José Ariel Núñez

Personal information
- Full name: José Ariel Núñez Portelli
- Date of birth: 12 September 1988 (age 37)
- Place of birth: Asunción, Paraguay
- Height: 1.74 m (5 ft 9 in)
- Position: Striker

Team information
- Current team: 12 de Octubre
- Number: 8

Youth career
- Libertad

Senior career*
- Years: Team / Apps / (Gls)
- 2006–2007: Libertad / 19 / (2)
- 2008: Presidente Hayes / 0 / (0)
- 2008–2009: Tacuary / 60 / (12)
- 2010–2014: Libertad / 102 / (33)
- 2013: → Osasuna (loan) / 6 / (0)
- 2014–2017: Brøndby / 27 / (9)
- 2015–2016: → Club Olimpia (loan) / 32 / (7)
- 2017–2018: Nacional / 28 / (2)
- 2018: Unión de Santa Fe / 3 / (0)
- 2019: Wilstermann / 17 / (4)
- 2020–2021: 12 de Octubre / 63 / (15)
- 2022: Guaraní / 5 / (0)
- 2022–2023: Guaireña / 36 / (4)
- 2023–2024: Nacional / 14 / (0)
- 2024–2025: Tembetary / 29 / (3)
- 2025–: 12 de Octubre / 17 / (8)

International career
- 2011–2013: Paraguay / 11 / (3)

= José Ariel Núñez =

Paraguayan footballer (born 1988)

José Ariel Núñez Portelli (born 12 September 1988) is a Paraguayan international footballer who plays as a forward for Primera División B Metropolitana club 12 de Octubre.

==Club career==
Born in Asunción, Núñez spent his early career in his native Paraguay, playing for Libertad, Presidente Hayes and Tacuary.

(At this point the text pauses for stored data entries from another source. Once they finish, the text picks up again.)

(* Let $d\ge 2$, $n\ge 1$ and $0\le k<n$ be integers, and let $\mathbb{Z}_d$ be the ring of integers modulo $d$. Let $\Lambda=\begin{pmatrix}0&I_n\\-I_n&0\end{pmatrix}$ and $\mathrm{Sp}(2n,\mathbb{Z}_d)=\{M\in M_{2n}(\mathbb{Z}_d): M^T\Lambda M=\Lambda\}$. Let $T(n,k,d)$ be the set of all $M\in \mathrm{Sp}(2n,\mathbb{Z}_d)$ which, in block form with respect to the partition of rows and columns into consecutive blocks of sizes $(n-k,\,k,\,n-k,\,k)$, have the form $$M=\begin{pmatrix}(A^T)^{-1}&0&0&0\\ M_{21}&M_{22}&0&M_{24}\\ M_{31}&M_{32}&A&M_{34}\\ M_{41}&M_{42}&0&M_{44}\end{pmatrix}$$ for some invertible $A\in \mathrm{GL}(n-k,\mathbb{Z}_d)$ and arbitrary blocks $M_{ij}$ of the appropriate sizes (when $k=0$ this reads $M=\begin{pmatrix}(A^T)^{-1}&0\\ M_{31}&A\end{pmatrix}$). Then $T(n,k,d)$ is a subgroup of $\mathrm{Sp}(2n,\mathbb{Z}_d)$.
   Context: All matrix arithmetic is over the ring $\mathbb{Z}_d$ (which need not be a field). $I_m$ denotes the $m\times m$ identity matrix and $\mathrm{GL}(m,\mathbb{Z}_d)$ the group of invertible $m\times m$ matrices over $\mathbb{Z}_d$. *)

From HB Require Import structures.
From mathcomp Require Import all_boot all_order all_algebra all_fingroup.
Unset Printing Implicit Defensive.
Import GRing.Theory.
Local Open Scope ring_scope.

Definition Lambda (d n : nat) : 'M['Z_d]_(n + n) :=
  block_mx 0 1%:M (- 1%:M) 0.

Definition Sp (d n : nat) (M : 'M['Z_d]_(n + n)) : Prop :=
  M^T *m Lambda d n *m M = Lambda d n.

(* T(n,k,d): symplectic M with block form, for blocks of sizes
   (n-k, k, n-k, k) (row/column indices [0,n-k), [n-k,n), [n,2n-k), [2n-k,2n)):
     [ (A^T)^-1  0    0   0   ]
     [  *        *    0   *   ]
     [  *        *    A   *   ]
     [  *        *    0   *   ]
   with A invertible (n-k)x(n-k). *)
Definition Tset (n k d : nat) (M : 'M['Z_d]_(n + n)) : Prop :=
  Sp d n M /\
  exists A : 'M['Z_d]_(n - k), A \in unitmx /\
    (forall (i j : 'I_(n + n)) (a b : 'I_(n - k)),
        val i = val a -> val j = val b -> M i j = invmx A^T a b) /\
    (forall (i j : 'I_(n + n)) (a b : 'I_(n - k)),
        val i = (n + val a)%N -> val j = (n + val b)%N -> M i j = A a b) /\
    (forall i j : 'I_(n + n), (val i < n - k)%N -> (n - k <= val j)%N -> M i j = 0) /\
    (forall i j : 'I_(n + n), (n <= val j < n + n - k)%N ->
        ~~ (n <= val i < n + n - k)%N -> M i j = 0).

From HB Require Import structures.
From mathcomp Require Import all_boot all_order all_algebra all_fingroup.
From mathcomp Require Import zify.
Local Open Scope ring_scope.
Import GRing.Theory.

(* A symplectic matrix M is invertible with inverse -Lambda M^T Lambda, whose
   (i, j) entry is +-M (s j) (s i), where s swaps the two halves of the index set.
   The shape of T(n,k,d) says that the coordinate subspace spanned by the indices
   [0, n-k) is stable under M acting on row vectors, that the one spanned by
   [n, 2n-k) is stable under M^T, and that the two corresponding diagonal blocks
   are (A^T)^-1 and A.  Both stability conditions survive products, and on stable
   subspaces the diagonal blocks multiply.  Since s exchanges the two index sets,
   the inverse formula exchanges the two conditions and transposes the blocks,
   which gives the shape of T(n,k,d) with A^-1 in place of A. *)

Definition coord_stable {R : nmodType} {m} (S : {set 'I_m}) (M : 'M[R]_m) :=
  forall i j, i \in S -> j \notin S -> M i j = 0.

Section CoordStable.
Variable R : pzSemiRingType.

Lemma coord_stable1 m (S : {set 'I_m}) : coord_stable S (1%:M : 'M[R]_m).
Proof. by move=> i j Si Sj; rewrite mxE; case: eqP => // eij; rewrite -eij Si in Sj. Qed.

Lemma coord_stable_mul m (S : {set 'I_m}) (M N : 'M[R]_m) :
  coord_stable S M -> coord_stable S N -> coord_stable S (M *m N).
Proof.
move=> sM sN i j Si Sj; rewrite mxE big1 // => l _.
by have [Sl|Sl] := boolP (l \in S); [rewrite sN ?mulr0 | rewrite sM ?mul0r].
Qed.

Lemma sum_imset_inj m p (g : 'I_p -> 'I_m) (F : 'I_m -> R) :
  injective g -> (forall l, l \notin g @: setT -> F l = 0) ->
  \sum_l F l = \sum_a F (g a).
Proof.
move=> g_inj F0; rewrite (bigID (mem (g @: setT))) /= [X in _ + X]big1 ?addr0 //.
by rewrite big_imset; [apply: eq_bigl => a; rewrite inE | move=> a b _ _ /g_inj].
Qed.

Lemma mxsub_mulmx_stable m p (g : 'I_p -> 'I_m) (M N : 'M[R]_m) :
  injective g -> coord_stable (g @: setT) M ->
  mxsub g g (M *m N) = mxsub g g M *m mxsub g g N.
Proof.
move=> g_inj sM; apply/matrixP => a b; rewrite !mxE (@sum_imset_inj _ _ g) //.
  by apply: eq_bigr => c _; rewrite !mxE.
by move=> l gl; rewrite sM ?mul0r ?imset_f ?inE.
Qed.

Lemma mxsub_mulmx_costable m p (g : 'I_p -> 'I_m) (M N : 'M[R]_m) :
  injective g -> coord_stable (g @: setT) N^T ->
  mxsub g g (M *m N) = mxsub g g M *m mxsub g g N.
Proof.
move=> g_inj sN; apply/matrixP => a b; rewrite !mxE (@sum_imset_inj _ _ g) //.
  by apply: eq_bigr => c _; rewrite !mxE.
by move=> l gl; have := sN (g b) l; rewrite mxE => ->; rewrite ?mulr0 ?imset_f ?inE.
Qed.

Lemma mxsub_inj_scalar m p (g : 'I_p -> 'I_m) (c : R) :
  injective g -> mxsub g g c%:M = c%:M.
Proof. by move=> g_inj; apply/matrixP => a b; rewrite !mxE (inj_eq g_inj). Qed.

End CoordStable.

Lemma mxsub_eqP (T : Type) m p (g : 'I_p -> 'I_m) (M : 'M[T]_m) (X : 'M[T]_p) :
  (forall i j a b, i = g a -> j = g b -> M i j = X a b) <-> mxsub g g M = X.
Proof.
split=> [eMX | <- i j a b -> ->]; last by rewrite mxE.
by apply/matrixP => a b; rewrite mxE (eMX _ _ a b).
Qed.

Lemma invmx_left (R : comUnitRingType) m (A B : 'M[R]_m) :
  B *m A = 1%:M -> invmx A = B.
Proof.
move=> BA; have [_ uA] := mulmx1_unit BA.
by rewrite -[invmx A]mul1mx -BA mulmxK.
Qed.

Lemma invmxM (R : comUnitRingType) m (A B : 'M[R]_m) :
  A \in unitmx -> B \in unitmx -> invmx (A *m B) = invmx B *m invmx A.
Proof.
move=> uA uB; apply: invmx_left.
by rewrite mulmxA -(mulmxA (invmx B)) mulVmx // mulmx1 mulVmx.
Qed.

Definition swap_half {n} (i : 'I_(n + n)) : 'I_(n + n) :=
  match split i with inl a => rshift n a | inr a => lshift n a end.

Lemma swap_half_lshift n (a : 'I_n) : swap_half (lshift n a) = rshift n a.
Proof. by rewrite /swap_half -[lshift n a]/(unsplit (inl _ a)) unsplitK. Qed.

Lemma swap_half_rshift n (a : 'I_n) : swap_half (rshift n a) = lshift n a.
Proof. by rewrite /swap_half -[rshift n a]/(unsplit (inr _ a)) unsplitK. Qed.

Lemma swap_halfK n : involutive (@swap_half n).
Proof.
by move=> i; case: (split_ordP i) => a ->; rewrite ?(swap_half_lshift, swap_half_rshift).
Qed.

Section Symplectic.
Variables (R : comUnitRingType) (n : nat).
Implicit Types (M N : 'M[R]_(n + n)) (i : 'I_(n + n)).

Definition symp_form : 'M[R]_(n + n) := block_mx 0 1%:M (- 1%:M) 0.

Definition symplectic M := M^T *m symp_form *m M = symp_form.

Lemma symp_form_sqr : symp_form *m symp_form = - 1%:M.
Proof.
rewrite /symp_form mulmx_block !(mul0mx, mulmx0, mul1mx, mulmx1, mulNmx, addr0, add0r).
by rewrite (scalar_mx_block n n) opp_block_mx !oppr0.
Qed.

Lemma symplectic1 : symplectic 1%:M.
Proof. by rewrite /symplectic trmx1 mul1mx mulmx1. Qed.

Lemma symplectic_mul M N : symplectic M -> symplectic N -> symplectic (M *m N).
Proof.
rewrite /symplectic trmx_mul => sM sN.
have -> : N^T *m M^T *m symp_form *m (M *m N) = N^T *m (M^T *m symp_form *m M) *m N.
  by rewrite !mulmxA.
by rewrite sM sN.
Qed.

Lemma symplectic_mulVmx M :
  symplectic M -> - (symp_form *m M^T *m symp_form) *m M = 1%:M.
Proof. by move=> sM; rewrite mulNmx -!mulmxA (mulmxA M^T) sM symp_form_sqr opprK. Qed.

Lemma symplectic_unitmx M : symplectic M -> M \in unitmx.
Proof. by move=> /symplectic_mulVmx /mulmx1_unit []. Qed.

Lemma symplectic_invmx M :
  symplectic M -> invmx M = - (symp_form *m M^T *m symp_form).
Proof. by move=> /symplectic_mulVmx /invmx_left. Qed.

Lemma symplectic_inv M : symplectic M -> symplectic (invmx M).
Proof.
move=> sM; have uM := symplectic_unitmx _ sM; rewrite /symplectic -{1}sM.
rewrite -mulmxA -!(mulmxA M^T) !mulmxA -trmx_mul mulmxV // trmx1 mul1mx.
by rewrite -!mulmxA mulmxV // mulmx1.
Qed.

Lemma symplectic_invmx_block M : symplectic M ->
  invmx M = block_mx (drsubmx M)^T (- (ursubmx M)^T) (- (dlsubmx M)^T) (ulsubmx M)^T.
Proof.
move=> /symplectic_invmx ->; rewrite -{1}[M]submxK tr_block_mx /symp_form !mulmx_block.
rewrite !(mul0mx, mulmx0, mul1mx, mulmx1, mulNmx, mulmxN, addr0, add0r, oppr0).
by rewrite opp_block_mx !opprK.
Qed.

Lemma symplectic_invmxE M i j : symplectic M ->
  invmx M i j = (if (i < n)%N == (j < n)%N then 1 else -1) * M (swap_half j) (swap_half i).
Proof.
move=> /symplectic_invmx_block ->.
case: (split_ordP i) => a ->; case: (split_ordP j) => b ->;
  rewrite ?(block_mxEul, block_mxEur, block_mxEdl, block_mxEdr) !mxE;
  by rewrite ?(swap_half_lshift, swap_half_rshift) ?mul1r ?mulN1r.
Qed.

Variables (p : nat) (g : 'I_p -> 'I_n).

Lemma swap_half_in_rshift i :
  (swap_half i \in (@rshift n n \o g) @: setT) = (i \in (lshift n \o g) @: setT).
Proof.
apply/imsetP/imsetP => -[a _ e]; exists a => //=.
  by rewrite -[i]swap_halfK e /= swap_half_rshift.
by rewrite e /= swap_half_lshift.
Qed.

Lemma swap_half_in_lshift i :
  (swap_half i \in (lshift n \o g) @: setT) = (i \in (@rshift n n \o g) @: setT).
Proof. by rewrite -swap_half_in_rshift swap_halfK. Qed.

Lemma symplectic_invmx_stable M : symplectic M ->
  coord_stable ((@rshift n n \o g) @: setT) M^T ->
  coord_stable ((lshift n \o g) @: setT) (invmx M).
Proof.
move=> sM sMt i j gi gj; rewrite symplectic_invmxE //.
by have := sMt (swap_half i) (swap_half j); rewrite mxE swap_half_in_rshift => ->;
  rewrite ?mulr0 ?swap_half_in_rshift.
Qed.

Lemma symplectic_invmx_costable M : symplectic M ->
  coord_stable ((lshift n \o g) @: setT) M ->
  coord_stable ((@rshift n n \o g) @: setT) (invmx M)^T.
Proof.
move=> sM sM' i j gi gj; rewrite mxE symplectic_invmxE //.
by rewrite sM' ?mulr0 ?swap_half_in_lshift.
Qed.

Lemma symplectic_invmx_sub_ul M : symplectic M ->
  mxsub (lshift n \o g) (lshift n \o g) (invmx M) =
  (mxsub (@rshift n n \o g) (@rshift n n \o g) M)^T.
Proof.
move=> sM; apply/matrixP => a b.
by rewrite !mxE symplectic_invmxE //= !swap_half_lshift !ltn_ord mul1r.
Qed.

Lemma symplectic_invmx_sub_dr M : symplectic M ->
  mxsub (@rshift n n \o g) (@rshift n n \o g) (invmx M) =
  (mxsub (lshift n \o g) (lshift n \o g) M)^T.
Proof.
move=> sM; apply/matrixP => a b.
by rewrite !mxE symplectic_invmxE //= !swap_half_rshift !ltnNge !leq_addr mul1r.
Qed.

End Symplectic.

Arguments symplectic {R n} M.

Lemma widen_ord_inj m p (le_mp : (m <= p)%N) : injective (widen_ord le_mp).
Proof. by move=> a b /(congr1 val) e; apply: val_inj. Qed.

Section SymplecticBlockGroup.
Variables (d n k : nat).
Implicit Types M N : 'M['Z_d]_(n + n).

Local Notation lo_idx := (lshift n \o widen_ord (leq_subr k n)).
Local Notation hi_idx := (@rshift n n \o widen_ord (leq_subr k n)).

Lemma lo_idx_inj : injective lo_idx.
Proof. exact: inj_comp (@lshift_inj _ _) (widen_ord_inj _ _ _). Qed.

Lemma hi_idx_inj : injective hi_idx.
Proof. exact: inj_comp (@rshift_inj _ _) (widen_ord_inj _ _ _). Qed.

Lemma mem_lo_set i : (i \in lo_idx @: setT) = (val i < n - k)%N.
Proof.
apply/imsetP/idP => [[a _ ->] /= | lt_i]; first exact: ltn_ord.
by exists (Ordinal lt_i) => //; apply: val_inj.
Qed.

Lemma mem_hi_set i : (i \in hi_idx @: setT) = (n <= val i < n + n - k)%N.
Proof.
apply/imsetP/idP => [[a _ ->] /= | /andP [le_n_i lt_i]].
  by have := ltn_ord a; rewrite /= leq_addr; lia.
have lt_a : (val i - n < n - k)%N by lia.
by exists (Ordinal lt_a) => //; apply: val_inj; rewrite /= subnKC.
Qed.

Lemma TsetP M : Tset n k d M <->
  symplectic M /\ exists2 A, A \in unitmx &
    [/\ mxsub lo_idx lo_idx M = invmx A^T, mxsub hi_idx hi_idx M = A,
        coord_stable (lo_idx @: setT) M & coord_stable (hi_idx @: setT) M^T].
Proof.
split=> [[sM [A [uA [h11 [h33 [z1 z3]]]]]] | [sM [A uA [h11 h33 z1 z3]]]].
  split=> //; exists A => //; split.
  - by apply/mxsub_eqP => i j a b -> ->; apply: h11.
  - by apply/mxsub_eqP => i j a b -> ->; apply: h33.
  - by move=> i j; rewrite !mem_lo_set -leqNgt; apply: z1.
  - by move=> i j; rewrite mxE !mem_hi_set; apply: z3.
split=> //; exists A; do ![split=> //].
- move/mxsub_eqP: h11 => h11 i j a b ia jb.
  by apply: h11; apply: val_inj.
- move/mxsub_eqP: h33 => h33 i j a b ia jb.
  by apply: h33; apply: val_inj.
- by move=> i j; rewrite -mem_lo_set => i_lo; rewrite leqNgt -mem_lo_set; apply: z1.
- by move=> i j; rewrite -!mem_hi_set => j_hi i_hi; have := z3 j i j_hi i_hi; rewrite mxE.
Qed.

Lemma Tset1 : Tset n k d 1%:M.
Proof.
apply/TsetP; split; first exact: symplectic1.
exists 1%:M; first exact: unitmx1.
rewrite !trmx1 invmx1 !mxsub_inj_scalar; [|apply: hi_idx_inj|apply: lo_idx_inj].
by split=> //; apply: coord_stable1.
Qed.

Lemma Tset_mul M N : Tset n k d M -> Tset n k d N -> Tset n k d (M *m N).
Proof.
move=> /TsetP [sM [A uA [M11 M33 zM zMt]]] /TsetP [sN [B uB [N11 N33 zN zNt]]].
apply/TsetP; split; first exact: symplectic_mul.
exists (A *m B); first by rewrite unitmx_mul uA uB.
split.
- rewrite mxsub_mulmx_stable //; last apply: lo_idx_inj.
  by rewrite M11 N11 trmx_mul invmxM ?unitmx_tr.
- rewrite mxsub_mulmx_costable //; last apply: hi_idx_inj.
  by rewrite M33 N33.
- exact: coord_stable_mul.
- by rewrite trmx_mul; apply: coord_stable_mul.
Qed.

Lemma Tset_inv M : Tset n k d M -> Tset n k d (invmx M).
Proof.
move=> /TsetP [sM [A uA [M11 M33 zM zMt]]].
apply/TsetP; split; first exact: symplectic_inv.
exists (invmx A); first by rewrite unitmx_inv.
split.
- by rewrite symplectic_invmx_sub_ul // M33 trmx_inv invmxK.
- by rewrite symplectic_invmx_sub_dr // M11 trmx_inv trmxK.
- exact: symplectic_invmx_stable.
- exact: symplectic_invmx_costable.
Qed.

End SymplecticBlockGroup.

Theorem theorem1 (d n k : nat) (hd : (2 <= d)%N) (hn : (1 <= n)%N) (hk : (k < n)%N) :
  [/\ (forall M : 'M['Z_d]_(n + n), Tset n k d M -> Sp d n M),
      Tset n k d (1%:M : 'M['Z_d]_(n + n)),
      (forall M N : 'M['Z_d]_(n + n), Tset n k d M -> Tset n k d N -> Tset n k d (M *m N))
    & (forall M : 'M['Z_d]_(n + n), Tset n k d M -> Tset n k d (invmx M))].
Proof.
split.
- by move=> M /TsetP [].
- exact: Tset1.
- exact: Tset_mul.
- exact: Tset_inv.
Qed.
(* Let $(1,f_0,\dots,f_{d-1})$ be the $f$-vector of a simplicial complex. Then $\mu_{i+1}\big((i+2)f_i\big)\le (i+1)f_{i-1}$ for all $1\le i\le d-1$.
   Context: For positive integers $m,i$ let $m=\binom{a_i}{i}+\binom{a_{i-1}}{i-1}+\cdots+\binom{a_j}{j}$ with $a_i>\cdots>a_j\ge j\ge1$ be its unique $i$-th binomial expansion, and $\mu_i(m)=\binom{a_i}{i-1}+\binom{a_{i-1}}{i-2}+\cdots+\binom{a_j}{j-1}$; set $\mu_i(0)=0$. The $f$-vector of a simplicial complex is $(f_{-1},f_0,\dots)$ with $f_i$ the number of faces of cardinality $i+1$, $f_{-1}=1$. *)

From mathcomp Require Import all_boot.
Set Implicit Arguments. Unset Strict Implicit. Unset Printing Implicit Defensive.

Definition simplicial_complex (T : finType) (D : {set {set T}}) : Prop :=
  set0 \in D /\ forall s t : {set T}, s \in D -> t \subset s -> t \in D.

(* fnum D k = number of faces of cardinality k; so f_i = fnum D i.+1
   and f_{-1} = fnum D 0 = 1. *)
Definition fnum (T : finType) (D : {set {set T}}) (k : nat) : nat :=
  #|[set s in D | #|s| == k]|.

(* d = maximal cardinality of a face, so the f-vector is (f_{-1},...,f_{d-1}). *)
Definition cdim (T : finType) (D : {set {set T}}) : nat :=
  \max_(s in D) #|s|.

(* a = [:: a_i; a_{i-1}; ...; a_j] is an i-th binomial expansion of m:
   m = C(a_i,i) + ... + C(a_j,j), a_i > ... > a_j >= j >= 1. *)
Definition binom_exp (i m : nat) (a : seq nat) : Prop :=
  [/\ 0 < size a <= i,
      sorted (fun x y => y < x) a,
      i - (size a).-1 <= last 0 a &
      m = \sum_(t < size a) 'C(nth 0 a t, i - t)].

Definition mu_spec (i m v : nat) : Prop :=
  (m = 0 /\ v = 0) \/
  (0 < m /\ exists a, binom_exp i m a /\ v = \sum_(t < size a) 'C(nth 0 a t, (i - t).-1)).

From mathcomp Require Import all_boot zify.
Set Implicit Arguments. Unset Strict Implicit. Unset Printing Implicit Defensive.

(* mu k m is the Kruskal-Katona bound: a family of m sets of size k has at least
   mu k m sets in its shadow. We prove it by the shifting argument: compressions
   towards a fixed vertex z do not increase the shadow, and for a shifted family the
   bound follows by induction from the faces avoiding z and the link of z.
   For the corollary, mark each (i+1)-face of D at one of its vertices or at none, and
   move the marked vertex to a disjoint copy of the vertex set. This gives (i+2) f_i
   distinct sets of size i+1 whose shadow consists of marked i-faces of D relabelled
   the same way, of which there are at most (i+1) f_(i-1). *)

Fixpoint bintop_from (k m n : nat) : nat :=
  match n with
  | 0 => 0
  | n'.+1 => if 'C(n, k) <= m then n else bintop_from k m n'
  end.

(* The largest [a] with ['C(a, k) <= m] (for [k > 0]); the search may start at [m + k]
   because ['C((m + k).+1, k) > m]. *)
Definition bintop (k m : nat) : nat := bintop_from k m (m + k).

In July 2013 he went on loan to Spanish club Osasuna.

On 31 January 2014 he signed a four-year contract with Danish side Brøndby. He made his debut for the club on 24 February 2014, appearing as a substitute for the final seven minutes of the game. He scored his first goal for the club on 30 March 2014, in the 1–0 away victory against Viborg. The goal was also the first goal by a Paraguayan player in the league.

Núñez ranked number 6 in a list of the most expensive players in Paraguayan football for 2015 published by Diario Extra.

After leaving Brøndby, he returned to Paraguay to play with Club Olimpia and Club Nacional, and in Argentina with Unión de Santa Fe. He signed for Wilstermann for the 2019 season.

==International career==
He made his international debut for Paraguay in 2011.